Мстислав Великий
Шрифт:
— Не скучно одному-то? — спросил Мстислав.
— Нет, — мотнул головой княжич. — Только грустно без мамы.
— Ты молись за неё. Она там, на небесах, нас не оставит.
— Я знаю, — Юрий шмыгнул носом. — Я молился... утром. Только всё равно...
Он понурился, зашмыгал чаще, и Мстислав привлёк брата к себе. Мальчик засопел, уткнувшись носом ему в живот.
— Нам тоже без неё грустно, — сказал старший брат младшему. — Но ты не горюй. Крепись. Ты же князь. И у тебя отец. И Андрейка с Евфимией. Они совсем малы, ты у них опора. Да и отцу трудно одному будет. Так что ты уж постарайся не плакать.
— Отец меня... на княжение хотел...
— Тем более крепись! Там ни отца, ни братьев-сестёр рядом не будет. Так что привыкай! А мама... Она нас не оставит.
— Она теперь будет ангелом?
— Да, ангелом.
Юрий вздохнул и выпрямился. Глаза его блестели, на щеке обозначилась мокрая дорожка, но он решительно вытер её кулаком.
— Это хорошо, что она будет ангелом, — сказал он с недетской серьёзностью. — Я тогда ей буду молиться.

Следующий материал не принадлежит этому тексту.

Fixpoint sub_at (p : list step) (A : typ) : option typ :=
  match p with
  | [] => Some A
  | s :: p' =>
    match s, A with
    | SNum, Div N _ => sub_at p' N
    | SDen i, Div _ D =>
        match lab_at D i with Some (Some T) => sub_at p' T | _ => None end
    | SProd i, Prod M =>
        match lab_at M i with Some T => sub_at p' T | None => None end
    | _, _ => None
    end
  end.

Definition top_path (p : list step) : Prop :=
  forall s, In s p -> match s with SDen _ => False | _ => True end.

Definition skeleton (A : typ) : Prop :=
  match A with
  | Prod M => gE M = [] /\ length (gext M) = length (gV M)
  | _ => False
  end.

Definition no_skeleton_subtypes (A : typ) : Prop :=
  forall p B, sub_at p A = Some B -> ~ skeleton B.

Definition lonely (q : typ) (A : typ) : Prop :=
  forall p, top_path p -> sub_at p A = Some q ->
    exists p' i M, p = p' ++ [SProd i] /\ sub_at p' A = Some (Prod M) /\
                   2 <= length (gE M).

(* Call a label admissible ([top_sub]) if it is [p] or, up to equivalence, a top
   occurrence inside a member of [Tset].  By induction on derivations, if every
   label of [G] is admissible and [G -> p] is derivable, then [G] is a single
   [p]-edge attached to its external nodes and has no other nodes.  Right rules never conclude a
   primitive type, and the premises of the left rules again have admissible
   labels.  In a (÷→) step the premise [H -> p] forces the decomposed numerator
   to be [p], a top occurrence that loneliness forbids outside products.  In a
   (×→) step on [×(M)] the premise leaves room for at most one edge of [M]: with
   none, [M] has no internal node (it would survive as a fresh node), so it is a
   skeleton; with one, it is a [p]-edge of a product with fewer than two edges,
   again contradicting loneliness. *)

From Stdlib Require Import List Bool PeanoNat Permutation Lia.
Import ListNotations.

Lemma Forall2_In_l {A B} (R : A -> B -> Prop) l1 l2 x :
  Forall2 R l1 l2 -> In x l1 -> exists y, In y l2 /\ R x y.
Proof.
  induction 1 as [|x1 y1 l1 l2 Hxy _ IH]; [intros []|]. intros [<- | Hx].
  - exists y1. split; [now left | exact Hxy].
  - destruct (IH Hx) as [z [Hz Hxz]]. exists z. split; [now right | exact Hxz].
Qed.

Lemma nth_error_pos v l i : pos v l = Some i -> nth_error l i = Some v.
Proof.
  revert i; induction l as [|y l IH]; simpl; intros i Hi; [discriminate|].
  destruct (Nat.eqb_spec v y) as [-> | _].
  - now injection Hi as <-.
  - destruct (pos v l); simpl in Hi; [injection Hi as <-; apply IH | discriminate]; reflexivity.
Qed.
(* There are absolute constants $c>0$ and $n_0$ such that for every $n\ge n_0$ and every integer $G$ with $1\le G\le 2^{n/4}$, there exists a Boolean function $f:\{0,1\}^n\to\{0,1\}$ that is computed by some formula on $n$ input variables with at most $G$ gates, but every formula computing $f$ has formula size at least $c\,nG/\log n$.
   Context: A formula on input variables $x_1,\dots,x_n$ is a rooted tree whose leaves are labeled by input variables (the same variable may label many leaves) and whose internal vertices are \textsc{not} gates (fanin 1) or unbounded-fanin \textsc{and}/\textsc{or} gates. The formula size is the number of leaves (inputs counted with multiplicity); the gate count is the number of \textsc{and} and \textsc{or} gates. *)

From mathcomp Require Import all_boot.
From Stdlib Require Import Reals.

Set Implicit Arguments.
Unset Strict Implicit.
Unset Printing Implicit Defensive.

(* AND/OR gates take a first child plus a list of further children, so that
   every gate has fanin >= 1 (all leaves are variables). *)
Inductive formula (n : nat) : Type :=
| FVar : 'I_n -> formula n
| FNot : formula n -> formula n
| FAnd : formula n -> list (formula n) -> formula n
| FOr  : formula n -> list (formula n) -> formula n.

Arguments FVar {n}.
Arguments FNot {n}.
Arguments FAnd {n}.
Arguments FOr {n}.

Fixpoint feval (n : nat) (x : 'I_n -> bool) (F : formula n) : bool :=
  match F with
  | FVar i => x i
  | FNot G => ~~ feval x G
  | FAnd G Gs =>
      feval x G &&
      (fix ev (l : list (formula n)) : bool :=
         match l with nil => true | H :: t => feval x H && ev t end) Gs
  | FOr G Gs =>
      feval x G ||
      (fix ev (l : list (formula n)) : bool :=
         match l with nil => false | H :: t => feval x H || ev t end) Gs
  end.
Lemma tail_lt (q k c : R) : 2 <= q -> 1 <= c -> k <= q ->
  2 * c * sqrt ((q + 1) * ln (q + 1)) + 2 <= k ->
  (q * (q + 1) + 1) * exp (- decay q k / (q * (q + 1) + 1)) <
  1 / Rpower (q + 1) (2 * c ^ 2 - 2).
Proof.
move=> hq hc hkq hk; set N := q * (q + 1) + 1; set L := ln (q + 1) in hk *.
have hL : 0 < L by rewrite /L -ln_1; apply: ln_increasing; lra.
have hN : 0 < N by rewrite /N; nra.
have hsq := sqrt_sqrt ((q + 1) * L) ltac:(nra).
have := sqrt_pos ((q + 1) * L) => hs.
have hdecay : 2 * c ^ 2 * L <= decay q k / N.
  apply/(Rmult_le_reg_r N) => //; rewrite (_ : decay q k / N * N = decay q k); last by field; lra.
  have h2cs : 0 <= 2 * c * sqrt ((q + 1) * L) by apply: Rmult_le_pos; lra.
  apply: decay_ge; [lra | lra | rewrite -hsq; nra].
have -> : 1 / Rpower (q + 1) (2 * c ^ 2 - 2) = (q + 1) ^ 2 * exp (- (2 * c ^ 2 * L)).
  rewrite /Rpower -/L /Rdiv Rmult_1_l -exp_Ropp -[(q + 1) ^ 2]exp_ln; last nra.
  by rewrite -exp_plus ln_pow -?/L; [congr exp; rewrite /=; ring | lra].
apply: Rle_lt_trans (_ : N * exp (- (2 * c ^ 2 * L)) < _).
  apply/Rmult_le_compat_l; first lra.
  by apply: exp_le; rewrite Rdiv_opp_l; lra.
apply: Rmult_lt_compat_r; [apply: exp_pos | rewrite /N; nra].
Qed.

Lemma ratio_ge (N sat B C t : R) : 0 < C -> 0 <= N ->
  C <= sat + N * B -> B <= t * C -> 1 - N * t <= sat / C.
Proof.
move=> hC hN hsat hB; apply: (Rmult_le_reg_r C) => //.
rewrite /Rdiv Rmult_assoc Rinv_l; last lra.
have : N * B <= N * (t * C) by apply: Rmult_le_compat_l.
nra.
Qed.

End RealBounds.

Theorem theorem2 (P L : finType) (inc : P -> L -> bool)
  (hpp : projective_plane inc) (q : nat) (hord : plane_order inc q)
  (hq : (2 <= q)%nat) (c : R) (hc : (1 <= c)%R) (k : nat)
  (hk1 : (2 * c * sqrt (INR (q + 1) * ln (INR (q + 1))) + 2 <= INR k)%R)
  (hk2 : (INR k < (INR q ^ 2 - 1) / (INR q + 2))%R) :
  (INR #|[set S : {set P} | (#|S| == k) && saturating inc S]|
     / INR 'C(#|P|, k)
   > 1 - 1 / Rpower (INR (q + 1)) (2 * c ^ 2 - 2))%R.
Proof.
have q_gt0 : (0 < q)%N := ltnW hq.
have [card_P _] := card_points hpp hord q_gt0.
have q_ge2 : (2 <= INR q)%R by apply: (le_INR 2); apply/leP.
have k_lt_q : (INR k < INR q)%R := Rlt_trans _ _ _ hk2 (sq_sub1_div_lt (pos_INR q)).
have kq : (k <= q.+1)%N by apply/(leq_trans _ (leqnSn q))/ltnW/ltP/INR_lt.
have eN : INR (q * q.+1).+1 = (INR q * (INR q + 1) + 1)%R by rewrite S_INR mult_INR S_INR.
have hsat : (INR 'C(#|P|, k) <= INR #|[set S : {set P} | (#|S| == k) && saturating inc S]|
                + INR #|P| * INR ('C(q.+1, k) * expn q k))%R.
  by rewrite -mult_INR -plus_INR; apply/le_INR/leP/card_saturating_ge.
rewrite -plusE plus_INR INR_1 card_P eN in hk1 hsat *.
apply/Rlt_gt/(Rlt_le_trans _ _ _ _ (ratio_ge _ _ hsat (binomial_ratio_le q_gt0 kq))).
- by have := tail_lt q_ge2 hc (Rlt_le _ _ k_lt_q) hk1; lra.
- by apply/lt_0_INR/ltP; rewrite bin_gt0 (leq_trans kq) // ltnS leq_pmulr.
- nra.
Qed.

Остальные братья помалкивали. У них ни у кого не было детей, и они просто не знали, как надо говорить с ними.
6
Ярославца Святополчича, из-за которого недавно разгорелся сыр-бор, Мстислав увидел только несколько лет спустя, когда отец нежданно-негаданно призвал его принять участие в выходе против половцев. За последние годы русские дружины уже не раз сталкивались со степняками и одерживали победы. Всякий раз вдохновителем походов был Владимир Мономах.

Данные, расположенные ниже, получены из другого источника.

(* Let $B,n'\ge1$ be integers, $n=2Bn'$, and $s\ge 0$. Let $f:\{0,1\}^{n'}\to\{\pm\tfrac12\}$ be a balanced function with $I(f)\le s$. Let $W=\mathrm{Span}\{f_z : z\in\{0,1\}^B\}\subseteq\mathcal{N}=\mathbb{C}^{2^n}$, where $f_z$ is defined below. Then $W$ has dimension at least $2^B$ and $W$ is $(\mathcal{E}_{\mathrm{bitflip}},2s)$ immune.
   Context: A function $g:\{0,1\}^m\to\mathbb{C}$ is identified with the vector $\sum_x g(x)|x\rangle\in\mathbb{C}^{2^m}$. For $g:\{0,1\}^m\to\mathbb{C}$ and $i\in[m]$, $I_i(g)=\mathbb{E}_{x\in\{0,1\}^m}|g(x)-g(x\oplus e_i)|^2$ (with $e_i$ the $i$-th unit vector) and $I(g)=\max_i I_i(g)$. Balanced means $f$ takes each of its two values on exactly half the inputs. Partition $[n]$ into $2B$ consecutive blocks of length $n'$; for $x\in\{0,1\}^n$, $i\in[B]$, $b\in\{0,1\}$, let $x_{i,b}\in\{0,1\}^{n'}$ be the restriction of $x$ to the $(2i-1+b)$-th block. For $z\in\{0,1\}^B$ set $f_z(x)=f(x_{1,z_1})\cdots f(x_{B,z_B})$. For $i\in[n]$, $S\subseteq\{0,1\}^{n-1}$, $E_{i,S}$ is the linear operator with $E_{i,S}|x\rangle=|x\oplus e_i\rangle$ if $(x_1,\dots,x_{i-1},x_{i+1},\dots,x_n)\in S$ and $E_{i,S}|x\rangle=|x\rangle$ otherwise; $\mathcal{E}_{\mathrm{bitflip}}=\{E_{i,S}: i\in[n], S\subseteq\{0,1\}^{n-1}\}$. A subspace $\mathcal{M}$ is $(\mathcal{E},\varepsilon)$ immune if for every $X\in\mathcal{E}$ and every $\phi\in\mathcal{M}$, $|\phi^*X\phi|\ge(1-\varepsilon)|\phi^*\phi|$. *)

From mathcomp Require Import all_boot all_order all_algebra.
From mathcomp Require Import zify.
Set Implicit Arguments. Unset Strict Implicit. Unset Printing Implicit Defensive.
Import Order.TTheory GRing.Theory Num.Theory.
Local Open Scope ring_scope.

Definition bits (m : nat) := {ffun 'I_m -> bool}.

Definition flip (m : nat) (x : bits m) (i : 'I_m) : bits m :=
  [ffun j => x j (+) (j == i)].

Section Defs.
Variable C : numClosedFieldType.

(* the Hilbert space C^{2^m}, identified with functions {0,1}^m -> C *)
Definition cvec (m : nat) := {ffun bits m -> C^o}.

Definition infl_i (m : nat) (g : bits m -> C) (i : 'I_m) : C :=
  (#|{: bits m}|%:R)^-1 * \sum_(x : bits m) `|g x - g (flip x i)| ^+ 2.

Definition infl (m : nat) (g : bits m -> C) : C :=
  \big[Num.max/0]_(i < m) infl_i g i.

Definition balanced_pm_half (m : nat) (f : bits m -> C) : Prop :=
  (forall x, f x = 2^-1 \/ f x = - 2^-1) /\
  (#|[set x | f x == 2^-1]| * 2 = #|{: bits m}|)%N /\
  (#|[set x | f x == - 2^-1]| * 2 = #|{: bits m}|)%N.

Lemma blockpos_proof (B n' : nat) (i : 'I_B) (b : bool) (j : 'I_n') :
  ((2 * i + b) * n' + j < 2 * B * n')%N.
Proof.
have hi := ltn_ord i; have hj := ltn_ord j.
case: b => /=; nia.
Qed.

Definition blockpos (B n' : nat) (i : 'I_B) (b : bool) (j : 'I_n') : 'I_(2 * B * n') :=
  Ordinal (blockpos_proof i b j).

(* x_{i,b}: restriction of x to the (2i-1+b)-th block (1-indexed i) *)
Definition xblock (B n' : nat) (x : bits (2 * B * n')) (i : 'I_B) (b : bool) : bits n' :=
  [ffun j => x (blockpos i b j)].

Definition fz (B n' : nat) (f : bits n' -> C) (z : bits B) : cvec (2 * B * n') :=
  [ffun x => \prod_(i < B) f (xblock x i (z i))].

Definition Wspace (B n' : nat) (f : bits n' -> C) : {vspace cvec (2 * B * n')} :=
  <<[seq fz f z | z : bits B]>>%VS.

Definition drop_coord (n : nat) (i : 'I_n) (x : bits n) : bits n.-1 :=
  [ffun j => x (lift i j)].

Definition ket (n : nat) (x : bits n) : cvec n := [ffun y => (y == x)%:R].

Definition E_bitflip (n : nat) (i : 'I_n) (S : {set bits n.-1}) (phi : cvec n) : cvec n :=
  \sum_(x : bits n) phi x *: ket (if drop_coord i x \in S then flip x i else x).

Definition dotc (n : nat) (phi psi : cvec n) : C := \sum_(x : bits n) (phi x)^* * psi x.

Definition bitflip_immune (n : nat) (M : {vspace cvec n}) (eps : C) : Prop :=
  forall (i : 'I_n) (S : {set bits n.-1}) (phi : cvec n), phi \in M ->
    (1 - eps) * `|dotc phi phi| <= `|dotc phi (E_bitflip i S phi)|.

End Defs.

From mathcomp Require Import all_boot all_order all_algebra.
From mathcomp Require Import zify ring.
Import Order.TTheory GRing.Theory Num.Theory.
Set Implicit Arguments. Unset Strict Implicit. Unset Printing Implicit Defensive.
Local Open Scope ring_scope.

(* Cutting x into its 2B blocks of length n' identifies C^(2^n) with a tensor
   product, and both f_z and its discrete derivative phi(x) - phi(x + e_p) along
   any coordinate p are product vectors, so their inner products factor over the
   blocks.  As f sums to zero, the f_z are pairwise orthogonal, and so are their
   derivatives along p; hence dim W = 2^B, and by Pythagoras the bound
   |D_p f_z|^2 <= 4s |f_z|^2, read off the single block containing p, extends to
   all phi in W.  Finally |phi|^2 - <phi, E phi> is half the squared norm of D_p phi
   restricted to the flipped pairs, a real number in [0, 2s |phi|^2]. *)

Section BlockCoordinates.
Variables B n' : nat.
Local Notation N := (2 * B * n')%N.

Lemma blocklen_gt0 (p : 'I_N) : (0 < n')%N.
Proof. by case: p; case: (n') => // p; rewrite muln0. Qed.

Lemma pos_block_proof (p : 'I_N) : (p %/ n' %/ 2 < B)%N.
Proof. by rewrite !ltn_divLR ?(blocklen_gt0 p) // (mulnC B 2). Qed.

Definition pos_block (p : 'I_N) : 'I_B := Ordinal (pos_block_proof p).
Definition pos_side (p : 'I_N) : bool := odd (p %/ n').
Definition pos_offset (p : 'I_N) : 'I_n' := Ordinal (ltn_pmod p (blocklen_gt0 p)).

Lemma blockposE (p : 'I_N) : blockpos (pos_block p) (pos_side p) (pos_offset p) = p.
Proof. by apply: val_inj; rewrite /= /pos_side -modn2 [(2 * _)%N]mulnC -!divn_eq. Qed.

Section Projections.
Variables (i : 'I_B) (b : bool) (j : 'I_n').

Lemma blockpos_div : ((blockpos i b j) %/ n' = 2 * i + b)%N.
Proof.
have lt_jn := ltn_ord j.
by rewrite divnMDl ?(leq_ltn_trans (leq0n j)) // divn_small // addn0.
Qed.

Lemma pos_block_blockpos : pos_block (blockpos i b j) = i.
Proof.
apply: val_inj; rewrite /= blockpos_div [(2 * i)%N]mulnC divnMDl //.
by case: b; rewrite ?addn0.
Qed.

Lemma pos_side_blockpos : pos_side (blockpos i b j) = b.
Proof. by rewrite /pos_side blockpos_div oddD oddM addFb oddb. Qed.

Lemma pos_offset_blockpos : pos_offset (blockpos i b j) = j.
Proof. by apply: val_inj; rewrite /= modnMDl modn_small. Qed.

End Projections.

Lemma blockpos_eq (i i' : 'I_B) (b b' : bool) (j j' : 'I_n') :
  (blockpos i b j == blockpos i' b' j') = [&& i == i', b == b' & j == j'].
Proof.
apply/eqP/idP => [e | /and3P[/eqP-> /eqP-> /eqP->] //].
have := congr1 pos_block e; have := congr1 pos_side e; have := congr1 pos_offset e.
rewrite !pos_block_blockpos !pos_side_blockpos !pos_offset_blockpos.
by move=> -> -> ->; rewrite !eqxx.
Qed.

End BlockCoordinates.

Section InnerProduct.
Variables (C : numClosedFieldType) (m : nat).

Lemma scale_cvecE (a : C) (v : cvec C m) x : (a *: v) x = a * v x.
Proof. by rewrite ffunE. Qed.

Lemma conjC_mul_ge0 (x : C) : 0 <= x^* * x.
Proof. by rewrite mulrC mul_conjC_ge0. Qed.

Lemma dotc_ge0 (u : cvec C m) : 0 <= dotc u u.
Proof. by apply: sumr_ge0 => x _; apply: conjC_mul_ge0. Qed.

Lemma dotc_sumr (T : finType) (v : cvec C m) (c : T -> C) (u : T -> cvec C m) :
  dotc v (\sum_t c t *: u t) = \sum_t c t * dotc v (u t).
Proof.
rewrite /dotc; under eq_bigr => x _ do rewrite sum_ffunE mulr_sumr.
rewrite exchange_big; apply: eq_bigr => t _; rewrite mulr_sumr.
by apply: eq_bigr => x _; rewrite !ffunE mulrCA.
Qed.

Lemma dotc_sum (T : finType) (c d : T -> C) (u w : T -> cvec C m) :
  dotc (\sum_t c t *: u t) (\sum_t d t *: w t) =
  \sum_t \sum_t' (c t)^* * d t' * dotc (u t) (w t').
Proof.
rewrite /dotc; under eq_bigr => x _ do rewrite !sum_ffunE rmorph_sum mulr_suml.
rewrite exchange_big; apply: eq_bigr => t _.
under eq_bigr => x _ do rewrite mulr_sumr.
rewrite exchange_big; apply: eq_bigr => t' _; rewrite mulr_sumr.
by apply: eq_bigr => x _; rewrite !ffunE rmorphM mulrACA.
Qed.

Lemma dotc_sum_orthogonal (T : finType) (c : T -> C) (u : T -> cvec C m) :
  (forall t t', t != t' -> dotc (u t) (u t') = 0) ->
  dotc (\sum_t c t *: u t) (\sum_t c t *: u t) =
  \sum_t (c t)^* * c t * dotc (u t) (u t).
Proof.
move=> u_orth; rewrite dotc_sum; apply: eq_bigr => t _.
by rewrite (bigD1 t) //= big1 ?addr0 // => t' t't; rewrite u_orth ?mulr0 // eq_sym.
Qed.

End InnerProduct.

Section BitFlip.
Variables (C : numClosedFieldType) (m : nat).
Implicit Types (i : 'I_m) (S : {set bits m.-1}) (phi : cvec C m).

Lemma flipK i : involutive (fun y : bits m => flip y i).
Proof. by move=> y; apply/ffunP => j; rewrite !ffunE addbK. Qed.

Lemma drop_coord_flip i y : drop_coord i (flip y i) = drop_coord i y.
Proof. by apply/ffunP => j; rewrite !ffunE eq_sym (negbTE (neq_lift i j)) addbF. Qed.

Великий киевский князь старел, слабел, становился всё тяжелее на подъем, и влияние на Руси понемногу переходило в руки его соперника. Святополк боролся за власть. Свою обиду на Мономаха за то, что не дал его сыну Новгорода, он переборол, женившись на царевне из рода Комнинов, Варваре. Девушка была уже не первой свежести, но братьям Алексею и Исааку Комнинам было мало дела до Руси — с одной стороны наседали арабы и прочие кочевые народы, с другой — крестоносцы, воюющие за Гроб Господень. Потому чести эта свадьба принесла мало. Одно добро — Варвара родила-таки Святополку двоих сыновей — Брячислава и Изяслава.
Мстислав прискакал в Переяславль накануне похода, приведя большую дружину. Там уже ждали его братья — Ярополк и Вячеслав. Они впервые встретились после похорон матери. Юрия в Переяславле не было — Владимир Мономах сдержал слово и отослал сына в Ростов.
Много князей собиралось в тот поход. Приехал крепкий телом, но слабый духом Давид Святославич Черниговский с сыном Ростиславом, привёл полки Новгорода-Северского старший сын неукротимого Олега Всеволод с младшим братом Святославом. Сам Олег, не одобрявший походов русских князей на степь, опять сказался нездоровым и отговорился тем, что останется защищать границы своей Курской волости от половецких выходов. Из Дорогобужа пришёл Давыд Игоревич — с того года, как осудили его князья за посеянные распри, это был первый случай, когда князь-изгой появился средь своих родичей. Святополк Изяславич также был недоволен походом — но потому лишь, что затеян этот поход был хотением Мономаха. Сказавшись нездоровым — он и правда последний год много хворал, великий князь прислал вместо себя сына Ярославца.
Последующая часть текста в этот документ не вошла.